Postulando l’operatività, nel nostro ordinamento giuridico e dopo l’interpolazione del secondo comma dell’art. 2086 c.c., del dovere di istituire adeguati assetti direttamente in capo all’imprenditore, si prospetta una possibile dinamica interna all’impresa che potrebbe condurre alla responsabilizzazione della società e dei soci nell’ottemperanza a questo dovere.

Come ho provato ad argomentare in un precedente contributo pubblicato su questa Rivista (mi sia consentito il rinvio a L’imprenditore e l’art. 2086, secondo comma, c.c.: un nuovo dovere che chiede pieno riconoscimento), la norma di cui al secondo comma dell’art. 2086 c.c., introdotta dal codice della crisi d’impresa (CCII), ha configurato un chiaro e nuovo dovere a carico dell’imprenditore (in aggiunta al dovere di identico contenuto gravante in capo agli organi sociali).
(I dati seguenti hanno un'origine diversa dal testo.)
Definition H2_trivial (G : grp) : Prop :=
  forall c : list (Z * (G * G)),
    (forall t, coef (bar_d2 c) t = 0%Z) ->
    exists b : list (Z * (G * G * G)), forall t, coef (bar_d3 b) t = coef c t.

Definition is_quandle (X : Type) (op : X -> X -> X) : Prop :=
  (forall a, op a a = a) /\
  (forall a, is_bij (fun x => op x a)) /\
  (forall a b c, op (op a b) c = op (op a c) (op b c)).

Definition conj_rel (X : Type) (op : X -> X -> X) (H : grp) (f : X -> H) : Prop :=
  forall x y, f (op x y) = gmul (gmul (ginv (f y)) (f x)) (f y).

(* (A, e) is the adjoint group As(X): the group presented by generators e_x
   and the relations above, characterised by its universal property. *)
Definition is_adjoint (X : Type) (op : X -> X -> X) (A : grp) (e : X -> A) : Prop :=
  conj_rel op e /\
  forall (H : grp) (f : X -> H), conj_rel op f ->
    exists phi : A -> H, (is_hom phi /\ forall x, phi (e x) = f x) /\
      forall phi' : A -> H, is_hom phi' -> (forall x, phi' (e x) = f x) -> phi' = phi.

Definition is_psi (X : Type) (op : X -> X -> X) (A : grp) (e : X -> A)
  (psi : A -> Sym X) : Prop :=
  is_hom psi /\ forall y, fst (proj1_sig (psi (e y))) = (fun x => op x y).

Definition act (X : Type) (A : grp) (psi : A -> Sym X) (x : X) (g : A) : X :=
  fst (proj1_sig (psi g)) x.

Definition orbit (X : Type) (A : grp) (psi : A -> Sym X) (x : X) : X -> Prop :=
  fun y => exists g, act psi x g = y.

Definition Orb (X : Type) (A : grp) (psi : A -> Sym X) : Type :=
  {P : X -> Prop | exists x, P = orbit psi x}.

Definition connected (X : Type) (A : grp) (psi : A -> Sym X) : Prop :=
  inhabited X /\ forall x y, exists g, act psi x g = y.

Definition Inn (X : Type) (A : grp) (psi : A -> Sym X) : grp :=
  Sub (fun s : Sym X => exists g, psi g = s).

Definition is_eps (X : Type) (A : grp) (e : X -> A) (psi : A -> Sym X)
  (i : Orb psi) (f : A -> Zgrp) : Prop :=
  is_hom f /\ forall x, (proj1_sig i x -> f (e x) = 1%Z) /\
                        (~ proj1_sig i x -> f (e x) = 0%Z).

Definition Kset (X : Type) (A : grp) (e : X -> A) (psi : A -> Sym X) : A -> Prop :=
  fun g => forall (i : Orb psi) (f : A -> Zgrp), @is_eps X A e psi i f -> f g = 0%Z.
Definition Kgrp (X : Type) (A : grp) (e : X -> A) (psi : A -> Sym X) : grp :=
  Sub (Kset e psi).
Si tratta del dovere, per “(l)’imprenditore, che operi in forma societaria o collettiva … di istituire un assetto organizzativo, amministrativo e contabile adeguato alla natura e alle dimensioni dell’impresa, anche in funzione della rilevazione tempestiva della crisi dell’impresa e della perdita della continuità aziendale …”.

Il secondo comma dell’art. 2086 c.c.

La norma fa riferimento all’“imprenditore che operi in forma societaria o collettiva”, ma si può senz’altro ritenere – se non si dà troppa importanza alla diversa formulazione linguistica delle norme che vengono in considerazione – che il CCII recuperi questo dovere in capo all’imprenditore individuale prescrivendo, all’art. 3 dello stesso CCII, che “(l)’imprenditore individuale deve adottare misure idonee a rilevare tempestivamente lo stato di crisi e assumere senza indugio le iniziative necessarie a farvi fronte”. Si deve puntualizzare, inoltre, che il dovere gravava già su amministratori ed organi di controllo delle S.p.A. e, per applicazione analogica, delle S.r.l. (al netto di quanto aveva già previsto la legislazione speciale in materia bancaria e assicurativa), con un contenuto più generico, però, rispetto a quello che è scaturito dalla configurazione del dovere in questione da parte del CCII.

Fatto sta che ora, con il nuovo assetto normativo configurato dal CCII che ha onerato direttamente l’imprenditore, l’impatto di questo dovere sul nostro sistema giuridico si può apprezzare sia nelle dinamiche interne, sia in quelle esterne all’impresa e, se non “ostacolato” (nel senso che ho provato a spiegare nel mio intervento sopra menzionato), potrà forse essere una spinta concreta verso quel cambio di cultura imprenditoriale da più parti invocato.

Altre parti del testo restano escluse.